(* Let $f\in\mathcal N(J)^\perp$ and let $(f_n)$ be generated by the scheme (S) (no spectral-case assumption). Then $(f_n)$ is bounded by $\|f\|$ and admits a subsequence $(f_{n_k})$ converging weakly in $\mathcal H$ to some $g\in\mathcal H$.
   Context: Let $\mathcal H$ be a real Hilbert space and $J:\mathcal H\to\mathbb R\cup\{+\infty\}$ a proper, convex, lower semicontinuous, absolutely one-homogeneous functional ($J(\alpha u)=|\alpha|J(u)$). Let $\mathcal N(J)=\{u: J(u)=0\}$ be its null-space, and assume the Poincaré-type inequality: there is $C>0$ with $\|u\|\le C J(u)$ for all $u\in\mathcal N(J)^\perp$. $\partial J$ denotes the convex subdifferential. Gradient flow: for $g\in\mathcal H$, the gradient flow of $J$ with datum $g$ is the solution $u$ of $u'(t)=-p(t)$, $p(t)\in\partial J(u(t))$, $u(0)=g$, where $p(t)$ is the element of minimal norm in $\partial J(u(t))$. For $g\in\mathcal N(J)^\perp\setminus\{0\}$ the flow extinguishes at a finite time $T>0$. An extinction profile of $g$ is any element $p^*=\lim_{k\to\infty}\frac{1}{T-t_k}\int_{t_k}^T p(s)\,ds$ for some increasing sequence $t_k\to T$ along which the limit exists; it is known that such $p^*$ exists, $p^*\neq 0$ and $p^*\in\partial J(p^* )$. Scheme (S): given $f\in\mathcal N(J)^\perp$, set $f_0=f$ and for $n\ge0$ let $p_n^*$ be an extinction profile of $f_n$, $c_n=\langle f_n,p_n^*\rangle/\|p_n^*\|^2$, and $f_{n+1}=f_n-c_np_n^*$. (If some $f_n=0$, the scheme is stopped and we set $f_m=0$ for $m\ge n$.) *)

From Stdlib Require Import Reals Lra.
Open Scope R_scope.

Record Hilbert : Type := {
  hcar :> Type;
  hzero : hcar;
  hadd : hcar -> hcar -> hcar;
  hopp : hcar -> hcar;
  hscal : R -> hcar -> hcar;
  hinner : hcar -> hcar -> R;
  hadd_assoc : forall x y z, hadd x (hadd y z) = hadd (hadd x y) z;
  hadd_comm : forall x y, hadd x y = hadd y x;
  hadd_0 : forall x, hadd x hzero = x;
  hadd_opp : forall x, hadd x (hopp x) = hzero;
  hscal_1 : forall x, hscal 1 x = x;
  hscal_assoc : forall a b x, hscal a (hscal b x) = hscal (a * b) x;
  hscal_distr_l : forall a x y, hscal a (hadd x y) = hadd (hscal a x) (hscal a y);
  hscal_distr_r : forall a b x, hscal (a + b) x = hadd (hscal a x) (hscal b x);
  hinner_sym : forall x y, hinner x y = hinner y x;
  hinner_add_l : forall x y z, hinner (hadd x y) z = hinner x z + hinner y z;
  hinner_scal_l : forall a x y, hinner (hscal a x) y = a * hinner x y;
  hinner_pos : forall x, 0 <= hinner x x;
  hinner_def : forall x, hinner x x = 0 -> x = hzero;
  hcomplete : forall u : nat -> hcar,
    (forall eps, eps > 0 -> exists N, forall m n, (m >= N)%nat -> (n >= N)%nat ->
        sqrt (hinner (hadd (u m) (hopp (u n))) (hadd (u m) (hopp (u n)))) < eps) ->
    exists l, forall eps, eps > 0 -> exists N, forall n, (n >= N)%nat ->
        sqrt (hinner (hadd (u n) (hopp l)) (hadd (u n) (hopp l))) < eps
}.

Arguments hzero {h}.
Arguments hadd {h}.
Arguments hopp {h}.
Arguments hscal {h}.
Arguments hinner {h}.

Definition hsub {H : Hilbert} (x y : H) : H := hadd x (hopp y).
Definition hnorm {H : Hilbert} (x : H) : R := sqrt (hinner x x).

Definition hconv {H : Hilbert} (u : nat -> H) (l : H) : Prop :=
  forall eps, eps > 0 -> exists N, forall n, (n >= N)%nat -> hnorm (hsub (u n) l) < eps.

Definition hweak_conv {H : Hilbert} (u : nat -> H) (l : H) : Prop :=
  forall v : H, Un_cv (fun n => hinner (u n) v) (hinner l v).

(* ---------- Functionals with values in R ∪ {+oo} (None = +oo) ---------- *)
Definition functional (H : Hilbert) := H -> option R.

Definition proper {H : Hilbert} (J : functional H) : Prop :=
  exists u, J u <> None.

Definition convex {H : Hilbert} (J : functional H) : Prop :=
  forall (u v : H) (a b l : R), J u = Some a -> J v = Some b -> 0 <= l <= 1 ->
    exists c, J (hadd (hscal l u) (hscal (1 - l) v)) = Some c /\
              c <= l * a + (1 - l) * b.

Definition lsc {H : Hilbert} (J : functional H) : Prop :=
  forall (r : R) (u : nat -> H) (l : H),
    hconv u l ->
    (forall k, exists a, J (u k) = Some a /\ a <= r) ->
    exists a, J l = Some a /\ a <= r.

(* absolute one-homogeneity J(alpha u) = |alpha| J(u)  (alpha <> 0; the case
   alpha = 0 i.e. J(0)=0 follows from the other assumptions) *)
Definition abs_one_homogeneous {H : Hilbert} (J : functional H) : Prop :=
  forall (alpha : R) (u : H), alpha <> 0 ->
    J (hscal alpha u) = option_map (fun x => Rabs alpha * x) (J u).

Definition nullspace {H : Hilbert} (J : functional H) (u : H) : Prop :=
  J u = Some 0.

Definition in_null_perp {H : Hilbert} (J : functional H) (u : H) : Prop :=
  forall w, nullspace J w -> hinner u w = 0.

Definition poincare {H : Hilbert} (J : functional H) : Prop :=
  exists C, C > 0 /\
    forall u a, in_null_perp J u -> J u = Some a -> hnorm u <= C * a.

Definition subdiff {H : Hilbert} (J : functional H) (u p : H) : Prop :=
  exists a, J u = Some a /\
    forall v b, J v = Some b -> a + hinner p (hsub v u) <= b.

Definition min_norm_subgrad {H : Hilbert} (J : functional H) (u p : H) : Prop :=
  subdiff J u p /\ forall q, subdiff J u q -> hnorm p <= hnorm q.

# # # # #

Work request
Lines with "sqrt" in them are what the answer must contain; copy each from the records above.

Solution for this task
        sqrt (hinner (hadd (u m) (hopp (u n))) (hadd (u m) (hopp (u n)))) < eps) ->
        sqrt (hinner (hadd (u n) (hopp l)) (hadd (u n) (hopp l))) < eps
Definition hnorm {H : Hilbert} (x : H) : R := sqrt (hinner x x).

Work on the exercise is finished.